The days of the dark and lonely basement programmer are long gone. In order to compete in today’s competitive business market, IT professionals need soft skills as well as technical acumen in order to maximize their contribution to the enterprise, according to a recent Knowledge Gap survey.
The national poll included responses from more than 1,400 CIOs from a random sampling of U.S. companies with 100 or more employees. Some 47 percent of the CIOs polled said their companies do not provide non-technical skills training such as project management, leadership and communications for their IT staff. This lack of soft skills can have a negative effect on productivity, peer-to-peer collaboration and efficiency.
“The days when computer programmers could be basement programmers are over,” said Melissa Maffetone, branch manager, Consulting Services, Robert Half Technology, Florida. “We’re starting to see more and more companies that need IT professionals to not only have the IT skills, but soft skills, and the reason they need that is primarily because of what they’re working on.”
Today, IT staff are more likely to work on strategic projects that actually make an impact on the bottom line. “The types of projects that companies are investing in are strategic in nature,” Maffetone said. “They’re either going to make the company money or save the company money. As an example, if these programmers are working on a sales application that the sales department’s going to use to offer volume discounts, (IT) needs to understand what inventory is on the company’s shelves, etc. If they don’t have the ability to interact with the sales team to understand what are their product and business needs, the products aren’t going to be built in a way that’s advantageous for the company.”
A lot of companies have been under fairly severe budget cuts during the past few years, Maffetone said, and now that the economy has lifted a bit, companies need people in their seats who can do a lot of different things. “Companies are asking for a lot more from candidates in terms of leadership skills, project management skills—so for candidates who don’t have it, they’re going to be behind the curve.”
Some executives who don’t seem to value soft skills or who have ignored them have done so because they’ve been short-staffed, budget-constrained and forced to focus on technical skills and solutions first, Maffetone said. “They may not have considered that IT professionals need to work hand-in-hand with all these different departments to capitalize on all the value they can bring to an organization. We’re seeing that there are a lot more IT executives who are seeing the need for it. Now it’s more, ‘What’s the return on investment? What’s this going to make us?’ IT professionals have started playing a much more strategic role in these companies, and the changes – what’s right for the business – is what’s driving the need for all these skills.”
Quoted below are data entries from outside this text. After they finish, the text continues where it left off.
Lemma refl_root a : a != 0 -> a *m refl a = - a.
Proof. by move=> a0; rewrite mul_refl cartan_id // scaler_nat mulr2n opprD addNKr. Qed.

Lemma reflK a : a != 0 -> refl a *m refl a = 1%:M.
Proof.
move=> a0; apply/row_matrixP => i; rewrite !rowE mulmxA mulmx1.
move: (delta_mx 0 i) => u; rewrite !mul_refl; have aa := dotvv_gt0 a0.
have -> : cartan (u - cartan u a *: a) a = - cartan u a.
  by rewrite /cartan dotvBl dotvZl /cartan; field; lra.
by rewrite scaleNr opprK subrK.
Qed.

Lemma reflN a : refl (- a) = refl a.
Proof. by rewrite /refl [(- a)^T]linearN /= mulNmx mulmxN opprK dotvNl dotvNr opprK. Qed.

Lemma refl_conj a M : M *m M^T = 1%:M -> M^T *m M = 1%:M ->
  refl (a *m M) = M^T *m refl a *m M.
Proof.
move=> MMT MTM; rewrite /refl dotv_orthogonal // mulmxBr mulmx1 mulmxBl MTM.
by rewrite -scalemxAr -scalemxAl trmx_mul !mulmxA.
Qed.

End Reflections.

Section WeylGroup.
Variables (R : realType) (n : nat) (Phi : seq 'rV[R]_n) (v : 'rV[R]_n).
Hypothesis Phi_root_system : is_root_system Phi.
Hypothesis v_regular : regular Phi v.
Local Notation dotv := (@dotv R n).
Local Notation len := (len Phi v).
Local Notation inW := (inW Phi).
Implicit Types (a b c : 'rV[R]_n) (u w x y z : 'M[R]_n) (s : seq 'rV[R]_n).

Definition pos a := 0 < dotv v a.
Definition npos := count pos Phi.
Definition refl_prod s := foldr (fun a m => refl a *m m) 1%:M s.

Lemma uniq_roots : uniq Phi. Proof. by case: Phi_root_system. Qed.

Lemma root_neq0 a : a \in Phi -> a != 0.
Proof. by case: Phi_root_system => _ Phi0 _ _ _; apply: contraTneq => ->. Qed.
The soft skills that are most important to IT professionals include communication, business fundamentals, project management and leadership skills. IT staffers must understand their company’s business units needs in order to figure out how best to translate those needs into IT solutions. “As businesses place more focus on technology and really leveraging it to help them grow, they need people who can clearly explain complex technical concepts,” Maffetone said. “The second piece is business fundamentals. Our clients need people who can understand the company’s operations. They need people who can actually translate business requirements into some kind of cost or time savings. They want to see that past work experience has synergies with their company’s operations. Then, (IT staff) need interpersonal skills, and I’m talking about something as simple as diplomacy and using discretion and tact when it comes to conversations while working within a team so they can build the relationships with colleagues.”
“IT executives should really take a gap analysis of who they have on their team, and who can benefit from partnering or shadowing another person who has better communication skills to hopefully gain a transfer of knowledge,” Maffetone said. “Employees who see that the company is moving in a new direction of that IT/business professional can talk to their supervisors, the IT executives, and ask about taking on more responsibility that would expose them to some non-technical functions. Employees can volunteer for something that’s cross-departmental in nature that allows them to learn about other parts of the organization. There’s tons of courses out there for employers as well as employees that involve topics such as project management, leadership and communication skills for IT professionals. There are online courses for overall business knowledge the employer can invest in, and it’s a small price to pay to have someone fully understand your business needs.”